**How to complete this task**
Using the records below, quote only the span that opens with the line containing "S = [set v |" and closes with the line containing "L := B - B 0 is", exactly and inclusively.

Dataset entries

[Start of section]

(* Let $V$ be a real Hilbert space, let $W\subset V$ be a subspace of finite dimension $m$, and let $P_W$ denote the orthogonal projection onto $W$. A map $A:W\to V$ has the form $A(w)=w+B(w)$ for all $w\in W$, with $B:W\to W^\perp$ affine, if and only if there exist $\bar u\in V$ and a linear subspace $V_n\subset V$ of dimension $n\le m$ with $V_n\cap W^\perp=\{0\}$ such that $A$ coincides with the affine PBDW algorithm for $\bar u+V_n$, namely $$A(w)=\operatorname{argmin}\{\operatorname{dist}(v,\bar u+V_n)\;:\; v\in w+W^\perp\}\quad\text{for all } w\in W.$$
   Context: $W^\perp$ is the orthogonal complement of $W$ in $V$, and $\operatorname{dist}(v,S)=\inf_{s\in S}\|v-s\|$. The condition $V_n\cap W^\perp=\{0\}$ guarantees that the minimizer in the definition of the affine PBDW algorithm exists and is unique. *)

From HB Require Import structures.
From mathcomp Require Import all_boot all_order all_algebra.
From mathcomp Require Import boolp classical_sets reals.
Set Implicit Arguments. Unset Strict Implicit. Unset Printing Implicit Defensive.
Import Order.TTheory GRing.Theory Num.Theory.
Local Open Scope ring_scope.
Local Open Scope classical_set_scope.

Section Hilbert.
Variables (R : realType) (V : lmodType R) (ip : V -> V -> R).

Definition ipnorm (v : V) : R := Num.sqrt (ip v v).

Record is_hilbert : Prop := {
  ip_sym : forall u v, ip u v = ip v u;
  ip_linl : forall (a : R) u v w, ip (a *: u + v) w = a * ip u w + ip v w;
  ip_pos : forall v, v != 0 -> 0 < ip v v;
  ip_complete : forall u : nat -> V,
    (forall e : R, 0 < e -> exists N : nat, forall p q : nat,
        (N <= p)%N -> (N <= q)%N -> ipnorm (u p - u q) < e) ->
    exists l : V, forall e : R, 0 < e -> exists N : nat, forall p : nat,
        (N <= p)%N -> ipnorm (u p - l) < e
}.

Definition subspace_of_dim (S : set V) (n : nat) : Prop :=
  exists b : 'I_n -> V,
    (forall c : 'I_n -> R, \sum_(i < n) c i *: b i = 0 -> forall i, c i = 0) /\
    S = [set v | exists c : 'I_n -> R, v = \sum_(i < n) c i *: b i].

Definition orth (W : set V) : set V := [set v | forall w, W w -> ip v w = 0].

Definition dist (v : V) (S : set V) : R := inf [set ipnorm (v - s) | s in S].

Definition translate (u : V) (S : set V) : set V := [set u + s | s in S].

Definition affine_on (W : set V) (B : V -> V) : Prop :=
  forall (t : R) x y, W x -> W y ->
    B (t *: x + (1 - t) *: y) = t *: B x + (1 - t) *: B y.

Definition is_argmin (f : V -> R) (S : set V) (x : V) : Prop :=
  S x /\ (forall v, S v -> f x <= f v) /\
  (forall y, S y -> (forall v, S v -> f y <= f v) -> y = x).

End Hilbert.

From HB Require Import structures.
From mathcomp Require Import all_boot all_order all_algebra.
From mathcomp Require Import boolp classical_sets reals.
Import Order.TTheory GRing.Theory Num.Theory.
Set Implicit Arguments. Unset Strict Implicit. Unset Printing Implicit Defensive.
Local Open Scope ring_scope.
Local Open Scope classical_set_scope.

(* If A w = w + B w with B affine into W^perp, then
   L := B - B 0 is linear on W and Vn := {w + L w | w in W} has dimension m
   and meets W^perp only in 0. The point w + B w = B 0 + (w + L w) lies in
   B 0 + Vn, so it has distance 0; any other point of w + W^perp at distance 0
   lies in B 0 + Vn (finite-dimensional subspaces are closed), and comparing
   W-components shows it is w + B w.
   Conversely, Vn meeting W^perp trivially makes P_W injective on Vn. For
   v = w + p with p in W^perp and t = ubar + s with s in Vn, Pythagoras gives
   ||v - t|| >= ||(w - P_W ubar) - P_W s||, and this lower bound is attained by
   taking for s the lift of the best approximation of w - P_W ubar in P_W Vn and
   p := P_W^perp (ubar + s). This p is an affine function of w. *)

Section InnerProduct.
Variables (R : realType) (V : lmodType R) (ip : V -> V -> R).
Hypothesis hV : is_hilbert ip.

Lemma ipDl u v w : ip (u + v) w = ip u w + ip v w.
Proof. by rewrite -[u in LHS]scale1r (ip_linl hV) mul1r. Qed.

Lemma ip0l w : ip 0 w = 0.
Proof. by apply: (@addrI _ (ip 0 w)); rewrite -ipDl !addr0. Qed.

Lemma ipZl a u w : ip (a *: u) w = a * ip u w.
Proof. by rewrite -[a *: u]addr0 (ip_linl hV) ip0l addr0. Qed.

Lemma ipBl u v w : ip (u - v) w = ip u w - ip v w.
Proof. by rewrite ipDl -scaleN1r ipZl mulN1r. Qed.

Lemma ipDr u v w : ip w (u + v) = ip w u + ip w v.
Proof. by rewrite !(ip_sym hV w) ipDl. Qed.

Lemma ip_suml n (c : 'I_n -> R) (b : 'I_n -> V) w :
  ip (\sum_(i < n) c i *: b i) w = \sum_(i < n) c i * ip (b i) w.
Proof.
elim: n c b => [|n IH] c b; first by rewrite !big_ord0 ip0l.
by rewrite !big_ord_recr /= ipDl ipZl IH.
Qed.

Lemma ipvv_ge0 v : 0 <= ip v v.
Proof. by have [->|/(ip_pos hV)/ltW] := eqVneq v 0; rewrite ?ip0l. Qed.

Lemma ipvv_eq0 v : ip v v = 0 -> v = 0.
Proof. by move=> h; have [//|/(ip_pos hV)] := eqVneq v 0; rewrite h ltxx. Qed.

Lemma ipnorm_eq0 v : ipnorm ip v <= 0 -> v = 0.
Proof.
move=> h; apply: ipvv_eq0; apply/eqP.
by rewrite eq_le ipvv_ge0 andbT -sqrtr_eq0 eq_le h sqrtr_ge0.
Qed.

Lemma ipnorm_le_addr a c : ip a c = 0 -> ipnorm ip a <= ipnorm ip (a + c).
Proof.
move=> hac; rewrite /ipnorm ler_sqrt ?ipvv_ge0 //.
by rewrite ipDl !ipDr (ip_sym hV c a) hac addr0 add0r lerDl ipvv_ge0.
Qed.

[End of section]

**Solution to this problem**
    S = [set v | exists c : 'I_n -> R, v = \sum_(i < n) c i *: b i].

Definition orth (W : set V) : set V := [set v | forall w, W w -> ip v w = 0].

Definition dist (v : V) (S : set V) : R := inf [set ipnorm (v - s) | s in S].

Definition translate (u : V) (S : set V) : set V := [set u + s | s in S].

Definition affine_on (W : set V) (B : V -> V) : Prop :=
  forall (t : R) x y, W x -> W y ->
    B (t *: x + (1 - t) *: y) = t *: B x + (1 - t) *: B y.

Definition is_argmin (f : V -> R) (S : set V) (x : V) : Prop :=
  S x /\ (forall v, S v -> f x <= f v) /\
  (forall y, S y -> (forall v, S v -> f y <= f v) -> y = x).

End Hilbert.

From HB Require Import structures.
From mathcomp Require Import all_boot all_order all_algebra.
From mathcomp Require Import boolp classical_sets reals.
Import Order.TTheory GRing.Theory Num.Theory.
Set Implicit Arguments. Unset Strict Implicit. Unset Printing Implicit Defensive.
Local Open Scope ring_scope.
Local Open Scope classical_set_scope.

(* If A w = w + B w with B affine into W^perp, then
   L := B - B 0 is linear on W and Vn := {w + L w | w in W} has dimension m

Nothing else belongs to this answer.